■ Work to be completed
Pull out every line below that contains the word "move".

Records contained in a dataset
######

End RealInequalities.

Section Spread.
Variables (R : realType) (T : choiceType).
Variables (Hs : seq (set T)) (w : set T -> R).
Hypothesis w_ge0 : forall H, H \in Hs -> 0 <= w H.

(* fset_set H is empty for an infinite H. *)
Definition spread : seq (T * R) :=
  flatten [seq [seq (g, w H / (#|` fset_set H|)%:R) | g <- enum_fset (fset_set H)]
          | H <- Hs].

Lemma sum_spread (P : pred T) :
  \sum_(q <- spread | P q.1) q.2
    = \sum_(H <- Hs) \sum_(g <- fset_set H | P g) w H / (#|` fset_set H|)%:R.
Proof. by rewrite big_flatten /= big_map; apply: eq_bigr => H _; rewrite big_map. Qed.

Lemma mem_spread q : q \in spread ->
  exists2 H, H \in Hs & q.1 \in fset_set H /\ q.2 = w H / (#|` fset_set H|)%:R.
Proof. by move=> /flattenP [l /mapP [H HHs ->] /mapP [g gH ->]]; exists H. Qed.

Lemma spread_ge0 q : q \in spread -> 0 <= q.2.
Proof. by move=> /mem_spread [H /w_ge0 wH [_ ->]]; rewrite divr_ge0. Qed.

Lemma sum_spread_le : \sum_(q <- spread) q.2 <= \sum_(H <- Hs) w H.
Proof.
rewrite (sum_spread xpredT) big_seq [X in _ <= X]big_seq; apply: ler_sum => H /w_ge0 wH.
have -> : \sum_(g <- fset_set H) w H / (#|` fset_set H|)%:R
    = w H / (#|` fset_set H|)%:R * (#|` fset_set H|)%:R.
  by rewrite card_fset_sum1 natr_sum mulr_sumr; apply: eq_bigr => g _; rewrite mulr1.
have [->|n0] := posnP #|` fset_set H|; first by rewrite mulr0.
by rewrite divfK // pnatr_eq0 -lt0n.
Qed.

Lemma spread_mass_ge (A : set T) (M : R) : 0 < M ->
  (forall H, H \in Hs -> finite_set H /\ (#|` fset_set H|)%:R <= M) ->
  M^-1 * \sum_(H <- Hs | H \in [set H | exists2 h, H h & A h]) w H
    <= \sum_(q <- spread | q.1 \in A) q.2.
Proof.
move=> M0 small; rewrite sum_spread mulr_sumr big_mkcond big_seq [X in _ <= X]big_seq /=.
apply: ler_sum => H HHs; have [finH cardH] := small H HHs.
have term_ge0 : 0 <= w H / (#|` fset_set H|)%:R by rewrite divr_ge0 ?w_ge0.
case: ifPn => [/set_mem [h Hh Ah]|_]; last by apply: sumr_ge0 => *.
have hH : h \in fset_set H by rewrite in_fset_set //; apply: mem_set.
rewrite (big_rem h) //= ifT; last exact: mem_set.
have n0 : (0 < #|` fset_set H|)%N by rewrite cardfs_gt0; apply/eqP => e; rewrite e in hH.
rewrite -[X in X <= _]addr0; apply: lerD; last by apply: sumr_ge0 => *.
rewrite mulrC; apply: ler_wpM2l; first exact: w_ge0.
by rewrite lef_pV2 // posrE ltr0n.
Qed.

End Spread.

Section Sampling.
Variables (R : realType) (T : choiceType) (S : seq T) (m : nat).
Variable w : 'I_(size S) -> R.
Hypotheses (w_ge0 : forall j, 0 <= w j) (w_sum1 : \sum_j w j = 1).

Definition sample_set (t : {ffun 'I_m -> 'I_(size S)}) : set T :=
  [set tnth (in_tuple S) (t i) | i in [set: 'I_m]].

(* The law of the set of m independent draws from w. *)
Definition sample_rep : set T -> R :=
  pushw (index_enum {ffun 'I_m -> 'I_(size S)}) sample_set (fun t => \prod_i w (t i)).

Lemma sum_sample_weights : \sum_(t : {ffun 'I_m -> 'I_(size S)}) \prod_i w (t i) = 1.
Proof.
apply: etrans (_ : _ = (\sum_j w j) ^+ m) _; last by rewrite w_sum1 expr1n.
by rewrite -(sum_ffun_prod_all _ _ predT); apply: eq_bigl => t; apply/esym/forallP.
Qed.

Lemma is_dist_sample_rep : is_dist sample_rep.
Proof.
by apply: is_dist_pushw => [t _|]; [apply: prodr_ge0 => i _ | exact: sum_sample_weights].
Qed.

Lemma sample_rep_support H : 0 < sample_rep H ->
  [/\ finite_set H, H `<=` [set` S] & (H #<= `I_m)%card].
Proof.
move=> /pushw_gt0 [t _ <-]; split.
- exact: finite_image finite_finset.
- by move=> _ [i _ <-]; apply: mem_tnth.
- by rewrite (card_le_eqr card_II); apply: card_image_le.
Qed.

######

■ Output for this task
Proof. by move=> /flattenP [l /mapP [H HHs ->] /mapP [g gH ->]]; exists H. Qed.
Proof. by move=> /mem_spread [H /w_ge0 wH [_ ->]]; rewrite divr_ge0. Qed.
move=> M0 small; rewrite sum_spread mulr_sumr big_mkcond big_seq [X in _ <= X]big_seq /=.
move=> /pushw_gt0 [t _ <-]; split.
- by move=> _ [i _ <-]; apply: mem_tnth.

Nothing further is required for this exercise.